# [EXERCISE BRIEF]
Reproduce exactly, and only, the lines below from the one containing "rewrite Ea, Eb in G; revert G." through the one containing "Lemma ballP_extension_exists m : 2 <= m ->".

******************************

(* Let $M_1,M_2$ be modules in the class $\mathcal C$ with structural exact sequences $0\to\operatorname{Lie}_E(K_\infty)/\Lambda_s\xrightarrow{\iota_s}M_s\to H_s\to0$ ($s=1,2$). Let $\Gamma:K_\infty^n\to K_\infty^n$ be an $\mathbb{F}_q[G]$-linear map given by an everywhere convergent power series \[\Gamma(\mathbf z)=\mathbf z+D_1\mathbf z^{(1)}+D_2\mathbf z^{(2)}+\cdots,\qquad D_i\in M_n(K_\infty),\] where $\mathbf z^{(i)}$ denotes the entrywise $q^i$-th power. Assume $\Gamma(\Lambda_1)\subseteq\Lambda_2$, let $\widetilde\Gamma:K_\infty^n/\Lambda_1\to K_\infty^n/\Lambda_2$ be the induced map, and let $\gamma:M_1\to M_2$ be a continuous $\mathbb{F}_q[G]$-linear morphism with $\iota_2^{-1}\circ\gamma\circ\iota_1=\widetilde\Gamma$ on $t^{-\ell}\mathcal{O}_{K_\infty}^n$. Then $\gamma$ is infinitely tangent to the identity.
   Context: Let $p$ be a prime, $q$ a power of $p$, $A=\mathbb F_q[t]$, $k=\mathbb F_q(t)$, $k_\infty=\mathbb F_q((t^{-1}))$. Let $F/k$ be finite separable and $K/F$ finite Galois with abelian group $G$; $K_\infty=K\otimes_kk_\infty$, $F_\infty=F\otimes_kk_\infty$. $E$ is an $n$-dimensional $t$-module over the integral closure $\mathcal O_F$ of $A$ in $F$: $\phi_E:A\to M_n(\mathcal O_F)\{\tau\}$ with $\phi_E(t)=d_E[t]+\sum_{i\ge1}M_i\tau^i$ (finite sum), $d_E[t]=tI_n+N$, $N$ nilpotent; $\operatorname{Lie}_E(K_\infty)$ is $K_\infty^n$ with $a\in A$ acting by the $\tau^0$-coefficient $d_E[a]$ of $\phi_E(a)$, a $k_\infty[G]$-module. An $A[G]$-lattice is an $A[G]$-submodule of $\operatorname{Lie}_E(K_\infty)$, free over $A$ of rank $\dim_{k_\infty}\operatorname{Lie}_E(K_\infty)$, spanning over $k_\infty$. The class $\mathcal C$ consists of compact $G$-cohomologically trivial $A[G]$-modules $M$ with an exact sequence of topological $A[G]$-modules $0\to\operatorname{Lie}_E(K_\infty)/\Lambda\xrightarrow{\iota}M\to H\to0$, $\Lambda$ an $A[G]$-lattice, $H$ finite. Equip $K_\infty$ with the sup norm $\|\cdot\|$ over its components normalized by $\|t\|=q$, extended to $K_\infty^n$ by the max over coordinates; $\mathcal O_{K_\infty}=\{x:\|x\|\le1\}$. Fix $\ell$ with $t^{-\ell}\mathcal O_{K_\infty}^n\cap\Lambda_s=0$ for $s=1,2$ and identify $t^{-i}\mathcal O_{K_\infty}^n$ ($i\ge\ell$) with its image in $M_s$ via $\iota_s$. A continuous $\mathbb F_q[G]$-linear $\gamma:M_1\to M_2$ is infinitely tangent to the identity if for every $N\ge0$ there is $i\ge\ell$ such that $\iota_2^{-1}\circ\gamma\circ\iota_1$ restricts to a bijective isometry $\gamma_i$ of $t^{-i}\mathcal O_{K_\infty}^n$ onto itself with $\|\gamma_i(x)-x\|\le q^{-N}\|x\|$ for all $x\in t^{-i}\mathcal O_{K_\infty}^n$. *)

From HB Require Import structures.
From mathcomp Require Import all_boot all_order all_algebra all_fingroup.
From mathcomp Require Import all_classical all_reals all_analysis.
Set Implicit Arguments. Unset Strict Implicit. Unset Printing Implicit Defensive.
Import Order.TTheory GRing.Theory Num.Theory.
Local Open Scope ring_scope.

******************************

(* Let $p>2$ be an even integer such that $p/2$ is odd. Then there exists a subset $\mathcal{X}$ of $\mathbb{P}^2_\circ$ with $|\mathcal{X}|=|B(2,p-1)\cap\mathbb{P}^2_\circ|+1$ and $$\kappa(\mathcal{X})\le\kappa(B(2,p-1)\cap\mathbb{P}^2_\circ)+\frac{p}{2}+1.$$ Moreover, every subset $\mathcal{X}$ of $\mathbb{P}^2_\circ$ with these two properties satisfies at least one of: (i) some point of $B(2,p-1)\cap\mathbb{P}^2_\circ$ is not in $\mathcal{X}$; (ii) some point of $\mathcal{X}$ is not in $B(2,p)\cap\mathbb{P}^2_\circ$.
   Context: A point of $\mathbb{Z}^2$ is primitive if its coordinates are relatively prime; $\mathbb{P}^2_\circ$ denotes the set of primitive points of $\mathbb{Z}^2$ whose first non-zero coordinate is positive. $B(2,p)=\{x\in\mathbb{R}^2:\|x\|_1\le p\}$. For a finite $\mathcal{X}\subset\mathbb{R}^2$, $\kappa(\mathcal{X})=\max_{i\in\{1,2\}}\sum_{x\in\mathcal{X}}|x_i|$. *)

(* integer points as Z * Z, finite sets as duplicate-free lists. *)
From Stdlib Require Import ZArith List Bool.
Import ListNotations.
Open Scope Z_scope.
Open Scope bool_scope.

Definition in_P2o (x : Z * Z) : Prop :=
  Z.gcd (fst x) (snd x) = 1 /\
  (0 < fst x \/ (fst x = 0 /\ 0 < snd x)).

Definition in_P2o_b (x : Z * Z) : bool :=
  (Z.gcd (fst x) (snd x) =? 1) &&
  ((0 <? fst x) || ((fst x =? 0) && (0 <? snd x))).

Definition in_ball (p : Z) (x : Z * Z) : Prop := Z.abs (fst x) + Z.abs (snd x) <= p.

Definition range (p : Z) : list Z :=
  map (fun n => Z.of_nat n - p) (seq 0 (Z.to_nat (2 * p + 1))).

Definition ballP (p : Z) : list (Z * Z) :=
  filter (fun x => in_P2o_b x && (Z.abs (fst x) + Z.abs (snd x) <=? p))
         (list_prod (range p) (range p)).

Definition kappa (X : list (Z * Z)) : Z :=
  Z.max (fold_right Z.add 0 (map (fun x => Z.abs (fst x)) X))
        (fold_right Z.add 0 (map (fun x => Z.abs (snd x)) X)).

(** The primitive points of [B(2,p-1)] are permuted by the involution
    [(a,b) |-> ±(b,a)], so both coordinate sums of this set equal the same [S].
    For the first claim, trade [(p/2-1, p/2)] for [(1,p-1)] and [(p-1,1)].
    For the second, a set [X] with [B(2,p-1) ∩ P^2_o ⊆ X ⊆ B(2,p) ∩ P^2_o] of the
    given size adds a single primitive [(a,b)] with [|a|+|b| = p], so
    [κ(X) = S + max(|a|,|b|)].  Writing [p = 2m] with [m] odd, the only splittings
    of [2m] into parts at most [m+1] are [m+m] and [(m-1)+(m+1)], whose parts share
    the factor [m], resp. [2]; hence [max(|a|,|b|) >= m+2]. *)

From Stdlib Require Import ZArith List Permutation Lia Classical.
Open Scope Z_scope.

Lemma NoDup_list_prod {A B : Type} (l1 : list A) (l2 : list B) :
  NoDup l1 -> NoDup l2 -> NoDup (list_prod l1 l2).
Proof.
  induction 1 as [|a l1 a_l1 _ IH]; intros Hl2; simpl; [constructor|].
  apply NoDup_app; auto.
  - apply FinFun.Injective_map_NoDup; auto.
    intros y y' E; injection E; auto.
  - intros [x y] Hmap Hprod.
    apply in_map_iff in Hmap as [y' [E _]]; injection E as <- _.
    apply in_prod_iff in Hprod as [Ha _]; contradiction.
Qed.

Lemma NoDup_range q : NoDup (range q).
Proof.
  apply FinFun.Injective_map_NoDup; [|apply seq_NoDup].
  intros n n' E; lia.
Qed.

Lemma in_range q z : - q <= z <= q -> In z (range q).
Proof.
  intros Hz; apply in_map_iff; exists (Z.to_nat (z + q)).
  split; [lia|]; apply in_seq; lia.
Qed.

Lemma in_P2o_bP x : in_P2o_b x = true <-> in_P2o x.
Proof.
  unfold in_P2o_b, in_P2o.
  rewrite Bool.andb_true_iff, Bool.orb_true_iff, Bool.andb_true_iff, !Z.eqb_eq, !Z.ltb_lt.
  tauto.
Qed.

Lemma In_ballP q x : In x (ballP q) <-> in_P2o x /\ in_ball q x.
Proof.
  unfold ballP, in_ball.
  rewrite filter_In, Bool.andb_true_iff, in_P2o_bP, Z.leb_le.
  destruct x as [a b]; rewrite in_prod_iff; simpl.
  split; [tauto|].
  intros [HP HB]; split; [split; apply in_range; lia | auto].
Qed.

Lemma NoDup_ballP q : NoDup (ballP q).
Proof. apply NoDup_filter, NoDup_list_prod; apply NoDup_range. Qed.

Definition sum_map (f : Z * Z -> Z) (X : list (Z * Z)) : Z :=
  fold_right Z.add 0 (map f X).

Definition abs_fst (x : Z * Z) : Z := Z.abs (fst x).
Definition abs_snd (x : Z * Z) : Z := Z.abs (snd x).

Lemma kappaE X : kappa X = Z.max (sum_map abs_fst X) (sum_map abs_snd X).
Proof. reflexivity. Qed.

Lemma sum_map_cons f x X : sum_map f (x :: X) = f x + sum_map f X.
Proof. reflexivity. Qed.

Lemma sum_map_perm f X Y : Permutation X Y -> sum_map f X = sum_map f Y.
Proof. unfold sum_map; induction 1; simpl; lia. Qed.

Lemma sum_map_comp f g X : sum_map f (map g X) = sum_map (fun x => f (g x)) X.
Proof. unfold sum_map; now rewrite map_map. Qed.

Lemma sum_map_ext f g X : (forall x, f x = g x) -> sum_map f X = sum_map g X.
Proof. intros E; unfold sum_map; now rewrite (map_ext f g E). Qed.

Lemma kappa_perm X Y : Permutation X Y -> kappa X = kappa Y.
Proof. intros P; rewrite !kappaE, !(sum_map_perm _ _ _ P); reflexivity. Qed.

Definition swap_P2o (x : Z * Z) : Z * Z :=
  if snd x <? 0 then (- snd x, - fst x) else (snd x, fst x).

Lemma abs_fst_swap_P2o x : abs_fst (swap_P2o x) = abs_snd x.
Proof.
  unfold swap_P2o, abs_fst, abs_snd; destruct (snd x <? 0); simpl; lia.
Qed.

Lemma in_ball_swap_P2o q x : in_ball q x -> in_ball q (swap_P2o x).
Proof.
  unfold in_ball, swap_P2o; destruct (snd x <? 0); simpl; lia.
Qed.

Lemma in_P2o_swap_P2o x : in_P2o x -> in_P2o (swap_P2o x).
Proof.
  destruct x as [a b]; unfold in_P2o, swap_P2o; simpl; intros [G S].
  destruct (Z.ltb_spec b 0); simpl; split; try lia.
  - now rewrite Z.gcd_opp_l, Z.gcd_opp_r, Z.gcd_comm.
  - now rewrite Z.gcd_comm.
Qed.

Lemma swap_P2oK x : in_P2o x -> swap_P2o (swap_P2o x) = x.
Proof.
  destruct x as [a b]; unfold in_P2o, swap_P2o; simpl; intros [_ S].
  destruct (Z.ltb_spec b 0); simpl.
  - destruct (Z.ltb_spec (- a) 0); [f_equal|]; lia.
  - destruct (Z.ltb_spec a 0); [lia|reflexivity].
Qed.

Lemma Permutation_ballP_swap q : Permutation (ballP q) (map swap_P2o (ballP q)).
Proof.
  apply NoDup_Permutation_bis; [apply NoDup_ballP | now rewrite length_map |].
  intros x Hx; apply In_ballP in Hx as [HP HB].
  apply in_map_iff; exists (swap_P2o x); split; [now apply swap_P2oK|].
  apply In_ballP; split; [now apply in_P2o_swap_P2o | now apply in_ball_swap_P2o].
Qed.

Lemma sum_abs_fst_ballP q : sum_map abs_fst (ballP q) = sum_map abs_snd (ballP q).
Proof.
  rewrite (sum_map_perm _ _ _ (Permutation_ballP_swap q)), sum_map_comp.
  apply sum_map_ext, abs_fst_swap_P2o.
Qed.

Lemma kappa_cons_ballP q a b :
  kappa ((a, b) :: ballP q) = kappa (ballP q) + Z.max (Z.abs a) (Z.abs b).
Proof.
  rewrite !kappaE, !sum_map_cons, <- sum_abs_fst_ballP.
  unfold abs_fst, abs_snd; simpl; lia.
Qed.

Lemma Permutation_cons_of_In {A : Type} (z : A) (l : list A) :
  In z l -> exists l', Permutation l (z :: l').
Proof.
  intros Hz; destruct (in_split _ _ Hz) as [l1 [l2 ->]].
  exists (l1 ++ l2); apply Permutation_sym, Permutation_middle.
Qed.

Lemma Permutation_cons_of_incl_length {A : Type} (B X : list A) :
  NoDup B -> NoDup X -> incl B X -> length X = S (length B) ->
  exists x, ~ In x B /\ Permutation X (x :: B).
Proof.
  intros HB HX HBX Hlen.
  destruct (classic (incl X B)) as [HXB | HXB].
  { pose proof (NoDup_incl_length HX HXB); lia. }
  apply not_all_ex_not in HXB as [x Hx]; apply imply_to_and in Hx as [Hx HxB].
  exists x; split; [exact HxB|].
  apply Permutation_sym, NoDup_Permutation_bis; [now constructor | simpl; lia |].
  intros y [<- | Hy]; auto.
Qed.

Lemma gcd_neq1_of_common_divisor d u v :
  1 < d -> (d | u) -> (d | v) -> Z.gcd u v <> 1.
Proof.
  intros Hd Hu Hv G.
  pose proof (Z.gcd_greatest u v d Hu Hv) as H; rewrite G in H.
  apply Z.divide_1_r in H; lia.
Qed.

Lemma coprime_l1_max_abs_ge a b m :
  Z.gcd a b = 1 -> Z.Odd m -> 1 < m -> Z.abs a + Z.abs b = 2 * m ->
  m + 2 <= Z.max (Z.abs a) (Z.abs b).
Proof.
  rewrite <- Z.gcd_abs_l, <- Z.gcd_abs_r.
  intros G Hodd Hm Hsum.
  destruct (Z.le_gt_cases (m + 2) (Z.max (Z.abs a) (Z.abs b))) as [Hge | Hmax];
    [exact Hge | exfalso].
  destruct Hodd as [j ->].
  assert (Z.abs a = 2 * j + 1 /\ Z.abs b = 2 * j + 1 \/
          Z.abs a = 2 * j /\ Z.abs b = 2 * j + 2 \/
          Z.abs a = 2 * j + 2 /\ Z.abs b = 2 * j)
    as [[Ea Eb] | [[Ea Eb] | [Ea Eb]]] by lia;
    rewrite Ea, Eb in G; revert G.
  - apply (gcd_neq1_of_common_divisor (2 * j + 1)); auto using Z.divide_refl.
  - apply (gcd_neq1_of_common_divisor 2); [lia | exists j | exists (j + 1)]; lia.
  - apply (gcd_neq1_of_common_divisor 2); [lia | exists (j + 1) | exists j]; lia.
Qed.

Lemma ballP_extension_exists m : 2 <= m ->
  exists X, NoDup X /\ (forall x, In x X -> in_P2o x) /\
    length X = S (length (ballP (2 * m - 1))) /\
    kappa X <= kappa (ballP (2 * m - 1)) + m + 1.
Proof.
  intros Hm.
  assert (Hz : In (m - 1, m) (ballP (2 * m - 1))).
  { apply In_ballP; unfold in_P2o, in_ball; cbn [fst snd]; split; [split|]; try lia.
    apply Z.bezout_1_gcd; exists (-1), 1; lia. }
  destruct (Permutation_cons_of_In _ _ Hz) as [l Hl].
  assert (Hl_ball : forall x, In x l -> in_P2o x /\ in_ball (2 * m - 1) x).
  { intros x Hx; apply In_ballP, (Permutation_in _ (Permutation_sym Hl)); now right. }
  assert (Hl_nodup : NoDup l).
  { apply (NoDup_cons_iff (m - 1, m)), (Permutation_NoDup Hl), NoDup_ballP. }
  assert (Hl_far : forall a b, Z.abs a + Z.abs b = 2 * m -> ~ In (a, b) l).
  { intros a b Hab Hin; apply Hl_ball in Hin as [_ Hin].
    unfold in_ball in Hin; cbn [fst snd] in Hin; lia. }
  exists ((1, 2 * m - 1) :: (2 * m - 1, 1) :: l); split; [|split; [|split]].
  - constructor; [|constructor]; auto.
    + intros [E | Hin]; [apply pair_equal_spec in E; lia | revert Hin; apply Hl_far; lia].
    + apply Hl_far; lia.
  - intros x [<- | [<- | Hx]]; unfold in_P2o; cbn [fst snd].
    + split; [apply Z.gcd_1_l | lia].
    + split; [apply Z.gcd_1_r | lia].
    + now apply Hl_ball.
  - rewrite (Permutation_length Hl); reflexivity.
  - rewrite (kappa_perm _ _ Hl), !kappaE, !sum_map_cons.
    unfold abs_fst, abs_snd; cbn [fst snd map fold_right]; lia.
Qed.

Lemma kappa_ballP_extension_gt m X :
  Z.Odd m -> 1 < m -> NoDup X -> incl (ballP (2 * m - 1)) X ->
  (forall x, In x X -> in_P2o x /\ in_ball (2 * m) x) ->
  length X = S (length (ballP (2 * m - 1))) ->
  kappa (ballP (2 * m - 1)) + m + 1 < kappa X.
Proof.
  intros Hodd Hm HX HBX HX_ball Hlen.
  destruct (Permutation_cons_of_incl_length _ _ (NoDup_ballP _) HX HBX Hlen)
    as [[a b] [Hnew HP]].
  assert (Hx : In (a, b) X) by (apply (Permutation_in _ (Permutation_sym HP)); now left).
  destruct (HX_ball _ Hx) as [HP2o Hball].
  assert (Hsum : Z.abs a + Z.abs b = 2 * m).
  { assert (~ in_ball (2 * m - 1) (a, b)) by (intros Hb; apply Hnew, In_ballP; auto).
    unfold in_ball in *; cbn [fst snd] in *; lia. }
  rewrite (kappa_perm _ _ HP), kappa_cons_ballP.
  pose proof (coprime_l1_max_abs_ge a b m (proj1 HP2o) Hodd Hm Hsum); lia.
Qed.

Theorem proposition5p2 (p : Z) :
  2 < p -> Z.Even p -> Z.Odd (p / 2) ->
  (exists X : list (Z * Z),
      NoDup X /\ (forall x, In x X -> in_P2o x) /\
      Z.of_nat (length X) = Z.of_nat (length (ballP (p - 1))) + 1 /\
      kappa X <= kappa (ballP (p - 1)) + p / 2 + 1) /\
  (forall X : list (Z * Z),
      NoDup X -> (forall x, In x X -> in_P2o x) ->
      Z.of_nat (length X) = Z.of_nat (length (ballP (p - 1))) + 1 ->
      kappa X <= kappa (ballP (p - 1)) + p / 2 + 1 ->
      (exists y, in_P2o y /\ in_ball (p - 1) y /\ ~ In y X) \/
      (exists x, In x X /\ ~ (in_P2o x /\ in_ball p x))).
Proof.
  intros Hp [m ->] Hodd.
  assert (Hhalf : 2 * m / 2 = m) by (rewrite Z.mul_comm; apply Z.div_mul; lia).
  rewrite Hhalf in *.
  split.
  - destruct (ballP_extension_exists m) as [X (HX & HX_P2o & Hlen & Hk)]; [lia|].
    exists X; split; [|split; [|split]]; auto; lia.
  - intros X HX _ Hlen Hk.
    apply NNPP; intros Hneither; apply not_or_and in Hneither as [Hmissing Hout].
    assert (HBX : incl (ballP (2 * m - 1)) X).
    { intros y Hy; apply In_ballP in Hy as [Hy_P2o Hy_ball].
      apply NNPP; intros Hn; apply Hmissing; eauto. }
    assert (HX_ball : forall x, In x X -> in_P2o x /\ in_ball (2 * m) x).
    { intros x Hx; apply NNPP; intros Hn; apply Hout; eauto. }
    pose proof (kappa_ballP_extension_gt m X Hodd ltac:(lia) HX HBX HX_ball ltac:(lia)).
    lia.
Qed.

******************************

# [EXPECTED ANSWER]
    rewrite Ea, Eb in G; revert G.
  - apply (gcd_neq1_of_common_divisor (2 * j + 1)); auto using Z.divide_refl.
  - apply (gcd_neq1_of_common_divisor 2); [lia | exists j | exists (j + 1)]; lia.
  - apply (gcd_neq1_of_common_divisor 2); [lia | exists (j + 1) | exists j]; lia.
Qed.

Lemma ballP_extension_exists m : 2 <= m ->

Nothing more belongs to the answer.